I've been investigating a strange problem on one of my servers. It started out as a simple case of NetBackup failing to back the filesystem up.
Now that's not entirely unusual - NetBackup often goes off and sulks in a corner. But this was rather different, as it didn't disappear as mysteriously as it came. Rather, it stayed put and the filesystem repeatedly refused to complete a backup. And the diagnostics are pretty much non-existent.
OK, so after a week or so of this I decide to try an alternative approach. To my surprise, I couldn't blame NetBackup.
First attempt was to try ufsdump. It started off in a promising manner, then froze completely on me.
OK, that's not good. So I try various attempts at tar. So various tar commands, writing to a remote tape or filesystem. That would work, right? Wrong!
Each attempt freezes completely on me. That's local tar piped to tar that writes over nfs; tar piped to an rsh; tar on an nfs client; tar using rmt to write to a tape.
That's odd. Now, at least I can look at the output and see how far it's got. I'm starting to make headway, as it looks like it gets to the same point each time.

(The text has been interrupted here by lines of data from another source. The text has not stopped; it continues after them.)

(* The Euler characteristic $\chi$ is a ring homomorphism from the strong ring $(\mathcal{G},\oplus,\boxtimes)$ to $\mathbb{Z}$; that is, $\chi(0)=0$, $\chi(K_1)=1$, $\chi(G\oplus H)=\chi(G)+\chi(H)$ and $\chi(G\boxtimes H)=\chi(G)\chi(H)$ for all $G,H\in\mathcal{G}$.
   Context: Graphs are finite simple graphs up to isomorphism. $G\oplus H$ is the disjoint union. The strong product $G\boxtimes H$ of $G=(V,E)$, $H=(W,F)$ has vertex set $V\times W$, distinct $(a,b),(c,d)$ adjacent iff ($a=c$ and $\{b,d\}\in F$) or ($b=d$ and $\{a,c\}\in E$) or ($\{a,c\}\in E$ and $\{b,d\}\in F$). $\mathcal{G}$ is the Grothendieck group of the monoid (graphs, $\oplus$), elements $A-B$ with $A-B=C-D$ iff $A\oplus D\oplus K=B\oplus C\oplus K$ for some graph $K$; the strong ring is $\mathcal{G}$ with $\boxtimes$ extended bilinearly, zero the empty graph and one $K_1$. For a graph $G$, $\chi(G)=\sum_{k\ge0}(-1)^k v_k(G)$ where $v_k(G)$ is the number of complete subgraphs $K_{k+1}$ of $G$, and $\chi(A-B)=\chi(A)-\chi(B)$. *)

From HB Require Import structures.
From mathcomp Require Import all_boot all_order all_algebra.
Import Order.TTheory GRing.Theory Num.Theory.

Record graph : Type := Graph {
  gV : finType;
  gadj : rel gV;
  gsym : symmetric gadj;
  girr : irreflexive gadj }.

Definition giso (G H : graph) : Prop :=
  exists f : gV G -> gV H, bijective f /\ forall x y, gadj H (f x) (f y) = gadj G x y.

Definition empty_graph : graph :=
  @Graph void (fun _ _ => false) (fun _ _ => erefl) (fun _ => erefl).
Definition K1 : graph :=
  @Graph unit (fun _ _ => false) (fun _ _ => erefl) (fun _ => erefl).

Definition dunion_adj (G H : graph) : rel (gV G + gV H)%type :=
  fun x y => match x, y with
             | inl a, inl b => gadj G a b
             | inr a, inr b => gadj H a b
             | _, _ => false end.

Lemma dunion_sym G H : symmetric (dunion_adj G H).
Proof. by case=> a [] b //=; apply: gsym. Qed.

Lemma dunion_irr G H : irreflexive (dunion_adj G H).
Proof. by case=> a /=; apply: girr. Qed.

Definition dunion (G H : graph) : graph :=
  @Graph (gV G + gV H)%type (dunion_adj G H) (@dunion_sym G H) (@dunion_irr G H).

Definition sprod_adj (G H : graph) : rel (gV G * gV H)%type :=
  fun x y => [|| (x.1 == y.1) && gadj H x.2 y.2,
                 (x.2 == y.2) && gadj G x.1 y.1
               | gadj G x.1 y.1 && gadj H x.2 y.2].

Lemma sprod_sym G H : symmetric (sprod_adj G H).
Proof.
by case=> a b [c d]; rewrite /sprod_adj /= (eq_sym a) (eq_sym b) (gsym G a) (gsym H b).
Qed.

Lemma sprod_irr G H : irreflexive (sprod_adj G H).
Proof. by case=> a b; rewrite /sprod_adj /= !girr !andbF. Qed.

Definition sprod (G H : graph) : graph :=
  @Graph (gV G * gV H)%type (sprod_adj G H) (@sprod_sym G H) (@sprod_irr G H).

Definition is_clique (G : graph) (S : {set gV G}) : bool :=
  [forall x in S, forall y in S, (x != y) ==> gadj G x y].

Definition vk (G : graph) (k : nat) : nat :=
  #|[set S : {set gV G} | is_clique G S & #|S| == k.+1]|.

(* chi(G) = sum_{k>=0} (-1)^k v_k(G); v_k = 0 for k >= #|V|, so the sum is finite. *)
Definition chi (G : graph) : int :=
  (\sum_(k < #|gV G|) (-1) ^+ k * (vk G k)%:Z)%R.

(* Grothendieck group: formal differences A - B represented by pairs (A, B). *)
Definition gdiff : Type := (graph * graph)%type.

Definition grot_eq (x y : gdiff) : Prop :=
  exists K : graph,
    giso (dunion (dunion x.1 y.2) K) (dunion (dunion x.2 y.1) K).

Definition gzero : gdiff := (empty_graph, empty_graph).
Definition gone : gdiff := (K1, empty_graph).
Definition gadd (x y : gdiff) : gdiff := (dunion x.1 y.1, dunion x.2 y.2).
(* (A - B)(C - D) = (AC + BD) - (AD + BC), strong product extended bilinearly *)
Definition gmul (x y : gdiff) : gdiff :=
  (dunion (sprod x.1 y.1) (sprod x.2 y.2), dunion (sprod x.1 y.2) (sprod x.2 y.1)).

Definition chiG (x : gdiff) : int := (chi x.1 - chi x.2)%R.

(** With w(S) = (-1)^|S| for a nonempty vertex set S and w(∅) = 0 ([nzsign]),
    chi G is minus the sum of w over the cliques of G.  The cliques of G ⊕ H
    are those of G and those of H, whence additivity.  A vertex set of G ⊠ H
    is a clique iff both its projections are, and the sum of w(S) over the S
    whose projections are exactly A and B is -w(A)w(B): both sides have the
    same subset-sum transform, namely [A = ∅ or B = ∅] - 1 = sum of w over the
    subsets of A × B, and that transform is injective (Möbius inversion).
    Summing over pairs of cliques gives multiplicativity, and isomorphism
    invariance makes chi well defined on formal differences. *)

From mathcomp Require Import all_boot all_algebra ring.
Import GRing.Theory.
Local Open Scope ring_scope.

Lemma sum_subset_sign (R : pzRingType) (T : finType) (C : {set T}) :
  \sum_(S : {set T} | S \subset C) (-1 : R) ^+ #|S| = (C == set0)%:R.
Proof.
have [->|[x xC]] := set_0Vmem C.
  by rewrite eqxx (big_pred1 set0) ?cards0 // => S; rewrite subset0.
have /negbTE-> : C != set0 by apply/set0Pn; exists x.
(* toggling x pairs off the subsets of C with opposite signs *)
pose t (S : {set T}) := if x \in S then S :\ x else x |: S.
have tK : involutive t.
  move=> S; rewrite /t; have [xS|xS] := boolP (x \in S).
    by rewrite setD11 setD1K.
  by rewrite setU11 setU1K.
rewrite (bigID (fun S : {set T} => x \in S)) /=.
rewrite [X in X + _](reindex_inj (inv_inj tK)) /=.
apply/eqP; rewrite addr_eq0 -sumrN; apply/eqP; apply: eq_big => S.
  rewrite /t; have [xS|xS] := boolP (x \in S); first by rewrite setD11 /= !andbF.
  by rewrite setU11 subUset sub1set xC !andbT.
rewrite /t; have [xS|xS] := boolP (x \in S); first by rewrite setD11 andbF.
by rewrite cardsU1 xS exprS mulN1r.
Qed.

Lemma subset_sum_inj (T : finType) (V : zmodType) (F G : {set T} -> V) :
  (forall A : {set T},
     \sum_(B : {set T} | B \subset A) F B = \sum_(B : {set T} | B \subset A) G B) ->
  F =1 G.
Proof.
move=> eqFG A; elim: {A}_.+1 {-2}A (ltnSn #|A|) => // n IH A ltAn.
have := eqFG A; rewrite (bigD1 A) // [X in _ = X -> _](bigD1 A) //=.
rewrite (eq_bigr G); first exact: addIr.
move=> B /andP[sBA nBA]; apply: IH; rewrite -ltnS (leq_trans _ ltAn) // ltnS.
by apply: proper_card; rewrite properEneq nBA.
Qed.

Lemma subset_sum2_inj (X Y : finType) (V : zmodType)
    (F G : {set X} -> {set Y} -> V) :
  (forall (A : {set X}) (B : {set Y}),
     \sum_(A' : {set X} | A' \subset A) \sum_(B' : {set Y} | B' \subset B) F A' B'
     = \sum_(A' : {set X} | A' \subset A) \sum_(B' : {set Y} | B' \subset B) G A' B') ->
  F =2 G.
Proof.
move=> eqFG A; apply: subset_sum_inj => B.
exact: (@subset_sum_inj _ _ (fun A' => \sum_(B' : {set Y} | B' \subset B) F A' B')
  (fun A' => \sum_(B' : {set Y} | B' \subset B) G A' B') (eqFG^~ B)).
Qed.

Definition nzsign {T : finType} (A : {set T}) : int := (-1) ^+ #|A| - (A == set0)%:R.

Lemma sum_subset_nzsign (T : finType) (C : {set T}) :
  \sum_(S : {set T} | S \subset C) nzsign S = (C == set0)%:R - 1.
Proof.
rewrite sumrB sum_subset_sign (bigD1 set0) ?sub0set //= eqxx big1 ?addr0 //.
by move=> S /andP[_ /negbTE->].
Qed.

Section Projections.

Variables X Y : finType.

Lemma subsetX_proj (S : {set X * Y}) (A : {set X}) (B : {set Y}) :
  (S \subset setX A B) = (fst @: S \subset A) && (snd @: S \subset B).
Proof.
apply/subsetP/andP => [sSAB | [/subsetP sSA /subsetP sSB]].
  by split; apply/subsetP => _ /imsetP[[a b] /sSAB /setXP[? ?] ->].
move=> [a b] abS; apply/setXP.
by split; [apply: sSA | apply: sSB]; apply/imsetP; exists (a, b).
Qed.

Lemma sum_nzsign_proj (A : {set X}) (B : {set Y}) :
  \sum_(S : {set X * Y} | (fst @: S == A) && (snd @: S == B)) nzsign S
  = - (nzsign A * nzsign B).
Proof.
move: A B; apply: subset_sum2_inj => A B.
transitivity (\sum_(S : {set X * Y} | S \subset setX A B) nzsign S).
  rewrite pair_big /= [RHS](partition_big (fun S : {set X * Y} => (fst @: S, snd @: S))
    (fun p : {set X} * {set Y} => (p.1 \subset A) && (p.2 \subset B))) /= => [|S];
    last by rewrite subsetX_proj.
  apply: eq_bigr => -[A' B'] /= /andP[sA' sB']; apply: eq_bigl => S.
  rewrite xpair_eqE subsetX_proj.
  by case: eqP => [->|]; case: eqP => [->|] //=; rewrite ?sA' ?sB' ?andbF.
rewrite sum_subset_nzsign.
under eq_bigr do rewrite sumrN -mulr_sumr.
rewrite sumrN -mulr_suml !sum_subset_nzsign -!cards_eq0 cardsX muln_eq0.
by case: eqP => _; case: eqP => _ /=; ring.
Qed.

End Projections.

Lemma is_cliqueP (G : graph) (S : {set gV G}) :
  reflect {in S &, forall x y, x != y -> gadj G x y} (is_clique G S).
Proof.
apply: (iffP forallP) => [clS x y xS yS nxy | clS x].
  by move: (clS x); rewrite xS => /forallP/(_ y); rewrite yS nxy.
apply/implyP => xS; apply/forallP => y.
by apply/implyP => yS; apply/implyP; apply: clS.
Qed.

Lemma clique0 (G : graph) : is_clique G set0.
Proof. by apply/is_cliqueP => x; rewrite inE. Qed.

Lemma sum_clique_eq0 (G : graph) :
  \sum_(S : {set gV G} | is_clique G S) (S == set0)%:R = 1 :> int.
Proof.
rewrite (bigD1 set0) ?clique0 //= eqxx big1 ?addr0 //.
by move=> S /andP[_ /negbTE->].
Qed.

Lemma chiE (G : graph) : chi G = - \sum_(S : {set gV G} | is_clique G S) nzsign S.
Proof.
rewrite /chi /vk -sumrN.
transitivity (\sum_(k < #|gV G|) \sum_(S : {set gV G} | is_clique G S)
                 (if #|S| == k.+1 then (-1) ^+ k else 0 : int)).
  by apply: eq_bigr => k _; rewrite -big_mkcondr sumr_const -mulr_natr natz cardsE.
rewrite exchange_big; apply: eq_bigr => S _; rewrite -big_mkcond /=.
have [->|[x xS]] := set_0Vmem S.
  by rewrite big_pred0 /nzsign ?cards0 ?eqxx ?subrr ?oppr0.
have /prednK cardS : (0 < #|S|)%N by apply/card_gt0P; exists x.
have ltSn : (#|S|.-1 < #|gV G|)%N by rewrite -ltnS cardS ltnS max_card.
rewrite (big_pred1 (Ordinal ltSn)) => [|k];
  last by rewrite -[#|S| in LHS]cardS eqSS eq_sym.
have /negbTE S_neq0 : S != set0 by apply/set0Pn; exists x.
by rewrite /nzsign S_neq0 -{2}cardS exprS mulN1r subr0 opprK.
Qed.

Lemma clique_sprod (G H : graph) (S : {set gV (sprod G H)}) :
  is_clique (sprod G H) S = is_clique G (fst @: S) && is_clique H (snd @: S).
Proof.
apply/is_cliqueP/andP => [clS | [/is_cliqueP clG /is_cliqueP clH]].
  have adjS p q : p \in S -> q \in S -> p.1 != q.1 \/ p.2 != q.2 ->
      sprod_adj G H p q.
    by move=> pS qS npq; apply: clS => //; case: npq; apply: contraNneq => ->.
  split; apply/is_cliqueP => _ _ /imsetP[p pS ->] /imsetP[q qS ->] npq.
    move: (adjS p q pS qS (or_introl npq)).
    by rewrite /sprod_adj (negbTE npq) /= => /orP[] /andP[].
  move: (adjS p q pS qS (or_intror npq)).
  by rewrite /sprod_adj (negbTE npq) /= => /orP[] /andP[].
move=> [a b] [c d] abS cdS; rewrite /= /sprod_adj /=.
have [aS cS] := (imset_f fst abS, imset_f fst cdS).
have [bS dS] := (imset_f snd abS, imset_f snd cdS).
have [<-|nac] := eqVneq a c; have [<-|nbd] := eqVneq b d => /=.
- by rewrite eqxx.
- by rewrite clH.
- by rewrite clG.
- by rewrite clG ?clH.
Qed.

Lemma chi_sprod (G H : graph) : chi (sprod G H) = chi G * chi H.
Proof.
rewrite !chiE mulrNN big_distrlr /=.
under eq_bigl do rewrite clique_sprod.
rewrite (partition_big (fun S : {set gV G * gV H} => (fst @: S, snd @: S))
  (fun p : {set gV G} * {set gV H} => is_clique G p.1 && is_clique H p.2)) //=.
rewrite pair_big /= -sumrN; apply: eq_bigr => -[A B] /= /andP[clA clB].
rewrite -[RHS]opprK -sum_nzsign_proj; congr (- _); apply: eq_bigl => S.
rewrite xpair_eqE.
by case: eqP => [->|]; case: eqP => [->|] //=; rewrite ?clA ?clB ?andbF.
Qed.

Section DisjointUnion.

Variables G H : graph.

Definition dunion_set (A : {set gV G}) (B : {set gV H}) : {set gV (dunion G H)} :=
  [set x | match x with inl a => a \in A | inr b => b \in B end].

Lemma card_dunion_set (A : {set gV G}) (B : {set gV H}) :
  #|dunion_set A B| = (#|A| + #|B|)%N.
Proof.
rewrite -!sum1_card big_sumType /=.
by congr addn; apply: eq_bigl => x; rewrite inE.
Qed.

Lemma dunion_set_eq0 (A : {set gV G}) (B : {set gV H}) :
  (dunion_set A B == set0) = (A == set0) && (B == set0).
Proof. by rewrite -!cards_eq0 card_dunion_set addn_eq0. Qed.

Lemma clique_dunion_set (A : {set gV G}) (B : {set gV H}) :
  is_clique (dunion G H) (dunion_set A B) =
  [&& is_clique G A, is_clique H B & (A == set0) || (B == set0)].
Proof.
apply/is_cliqueP/and3P => [clAB | [/is_cliqueP clA /is_cliqueP clB AB0]].
  split.
  - apply/is_cliqueP => x y xA yA nxy.
    by apply: (clAB (inl x) (inl y)); rewrite ?inE //; apply: contraNneq nxy => -[].
  - apply/is_cliqueP => x y xB yB nxy.
    by apply: (clAB (inr x) (inr y)); rewrite ?inE //; apply: contraNneq nxy => -[].
  - have [->|[a aA]] := set_0Vmem A; first by rewrite eqxx.
    have [->|[b bB]] := set_0Vmem B; first by rewrite eqxx orbT.
    by have := clAB (inl a) (inr b); rewrite !inE => /(_ aA bB isT).
have AB a b : a \in A -> b \in B -> False.
  by case/orP: AB0 => /eqP->; rewrite inE.
move=> [a|b] [c|d]; rewrite !inE //=.
- by move=> aA cA nac; apply: clA => //; apply: contraNneq nac => ->.
- by move=> aA /(AB a).
- by move=> bB /AB/(_ bB).
- by move=> bB dB nbd; apply: clB => //; apply: contraNneq nbd => ->.
Qed.

Lemma chi_dunion : chi (dunion G H) = chi G + chi H.
Proof.
rewrite !chiE -opprD; congr (- _).
rewrite (reindex (fun p => dunion_set p.1 p.2)) /=; last first.
  exists (fun S : {set gV (dunion G H)} => (inl @^-1: S, inr @^-1: S)) => [[A B] _|S _].
    by congr pair; apply/setP => x; rewrite !inE.
  by apply/setP => -[a|b]; rewrite !inE.
under eq_bigl do rewrite clique_dunion_set andbA.
rewrite big_mkcondr -(pair_big (is_clique G) (is_clique H)
  (fun A B => if (A == set0) || (B == set0) then nzsign (dunion_set A B) else 0)) /=.
transitivity (\sum_(A | is_clique G A) \sum_(B | is_clique H B)
                (nzsign A * (B == set0)%:R + (A == set0)%:R * nzsign B)).
  apply: eq_bigr => A _; apply: eq_bigr => B _.
  rewrite /nzsign dunion_set_eq0 card_dunion_set exprD.
  by case: eqP => [->|_]; case: eqP => [->|_]; rewrite ?cards0 /=; ring.
rewrite [LHS](eq_bigr (fun A =>
  nzsign A + (A == set0)%:R * \sum_(B | is_clique H B) nzsign B)).
  by rewrite big_split /= -mulr_suml sum_clique_eq0 mul1r.
by move=> A _; rewrite big_split /= -!mulr_sumr sum_clique_eq0 mulr1.
Qed.

End DisjointUnion.

Lemma chi_giso (G H : graph) : giso G H -> chi G = chi H.
Proof.
case=> f [[g fK gK] f_adj]; have f_inj := can_inj fK.
have clf (S : {set gV G}) : is_clique H (f @: S) = is_clique G S.
  apply/is_cliqueP/is_cliqueP => [clS x y xS yS nxy | clS].
    by rewrite -f_adj clS ?imset_f ?(inj_eq f_inj).
  move=> _ _ /imsetP[x xS ->] /imsetP[y yS ->] nfxy.
  by rewrite f_adj clS //; apply: contraNneq nfxy => ->.
rewrite !chiE; congr (- _).
rewrite [RHS](reindex (fun S : {set gV G} => f @: S)) /=; last first.
  exists (fun S : {set gV H} => g @: S) => S _;
  by rewrite -imset_comp (eq_imset _ fK, eq_imset _ gK) imset_id.
apply: eq_big => S; first by rewrite clf.
by rewrite /nzsign card_imset // imset_eq0.
Qed.

Lemma chi_empty_graph : chi empty_graph = 0.
Proof. by rewrite /chi card_void big_ord0. Qed.

Lemma chi_K1 : chi K1 = 1.
Proof.
have clK1 S : is_clique K1 S by apply/is_cliqueP => -[] -[].
rewrite /chi card_unit big_ord1 /vk expr0 mul1r.
have -> : [set S | is_clique K1 S & #|S| == 1%N] = [set S : {set unit} | #|S| == 1%N].
  by apply/setP => S; rewrite !inE clK1.
by rewrite card_draws card_unit.
Qed.

Theorem mainTheorem3 :
  (forall x y : gdiff, grot_eq x y -> chiG x = chiG y) /\
  chiG gzero = 0 /\
  chiG gone = 1 /\
  (forall x y : gdiff, chiG (gadd x y) = chiG x + chiG y) /\
  (forall x y : gdiff, chiG (gmul x y) = chiG x * chiG y).
Proof.
split.
  move=> [A B] [C D] [K /chi_giso]; rewrite /chiG /= !chi_dunion => /addIr chiAD.
  by rewrite -(addrK (chi D) (chi A)) chiAD; ring.
split; first by rewrite /chiG subrr.
split; first by rewrite /chiG /= chi_K1 chi_empty_graph subr0.
by split=> [[A B] [C D] | [A B] [C D]]; rewrite /chiG /= !chi_dunion ?chi_sprod; ring.
Qed.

OK, so I start to build a copy by tarring up various bits of the filesystem, avoiding the place where I know it breaks. Until I get into the suspect area. And yes, it still fails in the same place (but at least I've got a copy of most of the filesystem now, so can breathe easier).
The bad area is in an area that has various versions (views of the data) of the index files of a proprietary search engine. Now it looks like tar always traverses the hierarchy in the same order. OK, so if I manually list the subdirectories in an order that puts the failed one last, I can copy off the files I'm missing, right?
That was a fine theory until it froze on me again. And this is where it gets really strange. Each subdirectory has the same structure. So in each subdirectory there's a bunch of files with different suffixes. And it always fails on one particular suffix. Furthermore, it fails at about the same distance (about 38 of 40 megabytes). That's about as weird as it gets, in my experience. What on earth is there about these files that causes anything that tries to back these files up to lock up completely?
And it gets worse. I can cp this file locally. Try cp to any nfs-mounted location and the cp wedges. An rcp to any remote system wedges. And it's the same again - it wedges at the same distance into the file.
It must be something in the data stream that's contained in these files. At least I did find one way to copy them across - if I gzip them first then they go across fine.
But where is the bug that's being tickled? Is this something in the network stack?